Saved entries:
_____
Lemma child_ok_rcons k k' : m <= k -> k <= n -> k' <= n ->
  child_ok (rcons e k) k' = child_ok e k'.
Proof.
move=> max_le k_le k'_le.
have rcons_valid := valid_rcons (child_ok_high e_valid e_nonempty max_le k_le).
apply/idP/idP.
- case/(child_okP k' rcons_valid) => _ /(compatible_rcons _ max_le) comp.
  exact/(child_okP k' e_valid).
- case/(child_okP k' e_valid) => _ /(compatible_rcons _ max_le) comp.
  by apply/(child_okP k' rcons_valid); rewrite size_rcons; split; first lia.
Qed.

(* A legal entry below the maximum: the child has maximum m and a smaller
   last entry, so its parameters are (n+2-m, 1). *)
Lemma params_child_low k : k \in low e -> params (rcons e k) = (n.+2 - m, 1).
Proof.
move=> k_low; have k_lt := low_lt k_low.
have ok : child_ok e k by move: k_low; rewrite mem_filter => /andP [].
have max_child : maxE (rcons e k) = m by rewrite maxE_rcons (maxn_idPl (ltnW k_lt)).
have last_child : lastE (rcons e k) = k by rewrite /lastE last_rcons.
by rewrite params_below_max ?valid_rcons ?size_rcons ?max_child ?last_child.
Qed.

(* A value k in [m, n]: the child has k as maximum and last entry, and its
   legal entries below k are those of e. *)
Lemma params_child_high k : m <= k -> k <= n ->
  params (rcons e k) = (n.+1 - k, size (low e) + (k - m).+1).
Proof.
move=> max_le k_le; have ok := child_ok_high e_valid e_nonempty max_le k_le.
have max_child : maxE (rcons e k) = k by rewrite maxE_rcons (maxn_idPr max_le).
have last_child : lastE (rcons e k) = k by rewrite /lastE last_rcons.
rewrite params_at_max ?valid_rcons ?size_rcons ?max_child ?last_child //.
congr pair; rewrite {1}/low max_child.
rewrite (@eq_in_filter _ _ (child_ok e)); last first.
  by move=> k'; rewrite mem_iota => /andP [_ k'_lt]; apply: child_ok_rcons; lia.
by rewrite (allowed_prefix e_valid e_nonempty max_le) ?size_cat ?size_iota; lia.
Qed.

Lemma children_params : map params (children e) =
  nseq (size (low e)) (n.+2 - m, 1) ++
  [seq (n.+1 - m - i, size (low e) + i.+1) | i <- iota 0 (n.+1 - m)].
Proof.
rewrite children_allowed (allowed_split e_valid e_nonempty) -map_comp map_cat.
congr (_ ++ _).
  rewrite -(size_map (params \o rcons e)).
  by apply/all_pred1P/allP => _ /mapP [k k_low ->]; apply/eqP/params_child_low.
have -> : iota m (n.+1 - m) = map (addn m) (iota 0 (n.+1 - m)) by rewrite -iotaDl addn0.
rewrite -map_comp; apply/eq_in_map => i; rewrite mem_iota => /andP [_ i_lt] /=.
rewrite params_child_high; try lia.
congr pair; lia.
Qed.

End Children.

Theorem lemma4p5 (n : nat) (e : seq nat) :
  0 < n -> in_I201_210 n e ->
  let p := param_p e in
  let q := param_q e in
  size (children e) = p + q /\
  perm_eq (map params (children e))
    ([seq (p - i, q + 1 + i) | i <- iota 0 p]
       ++ (p.+1, q) :: nseq (q - 1) (p + 2, 1)).
Proof.
move=> n_gt0 e_in; cbv zeta.
have e_size : size e = n by case/and3P: e_in => /is_inv_seqP [].
have e_valid : valid e by rewrite /valid e_size.
have e_nonempty : 0 < size e by rewrite e_size.
have max_lt := max_lt_size e_valid e_nonempty.
have size_children : size (children e) = size (low e) + ((size e).+1 - maxE e).
  by rewrite -(size_map params) children_params // size_cat size_nseq size_map size_iota.
rewrite size_children children_params //.
have [L_lt | L_ge] := ltnP (lastE e) (maxE e).
- case: (params_below_max e_valid e_nonempty L_lt) => -> ->.
  rewrite low_below_max //=; split; first lia.
  have -> : (size e).+2 - maxE e = ((size e).+1 - maxE e).+1 by lia.
  by rewrite cats1 perm_sym perm_rcons.
- have L_eq : lastE e = maxE e by have := last_le_max e_valid e_nonempty; lia.
  case: (params_at_max e_valid e_nonempty L_eq) => -> ->.
  split; first lia.
  have -> : (size e).+1 - maxE e = (size e - maxE e).+1 by lia.
  have -> : (size e).+2 - maxE e = size e - maxE e + 2 by lia.
  rewrite map_iota_succ addnK subn0.
  set p := size e - maxE e; set s := size (low e).
  have -> : [seq (p.+1 - i.+1, s + i.+2) | i <- iota 0 p] =
            [seq (p - i, s + 1 + 1 + i) | i <- iota 0 p].
    by apply: eq_map => i; congr pair; lia.
  by apply/permP => x; rewrite !count_cat /=; lia.
Qed.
_____
Could you return exactly the lines above from the line with "have -> : (size e).+1" to the line with "have -> : [seq", both included, and nothing else?

FINISHED TASK
  have -> : (size e).+1 - maxE e = (size e - maxE e).+1 by lia.
  have -> : (size e).+2 - maxE e = size e - maxE e + 2 by lia.
  rewrite map_iota_succ addnK subn0.
  set p := size e - maxE e; set s := size (low e).
  have -> : [seq (p.+1 - i.+1, s + i.+2) | i <- iota 0 p] =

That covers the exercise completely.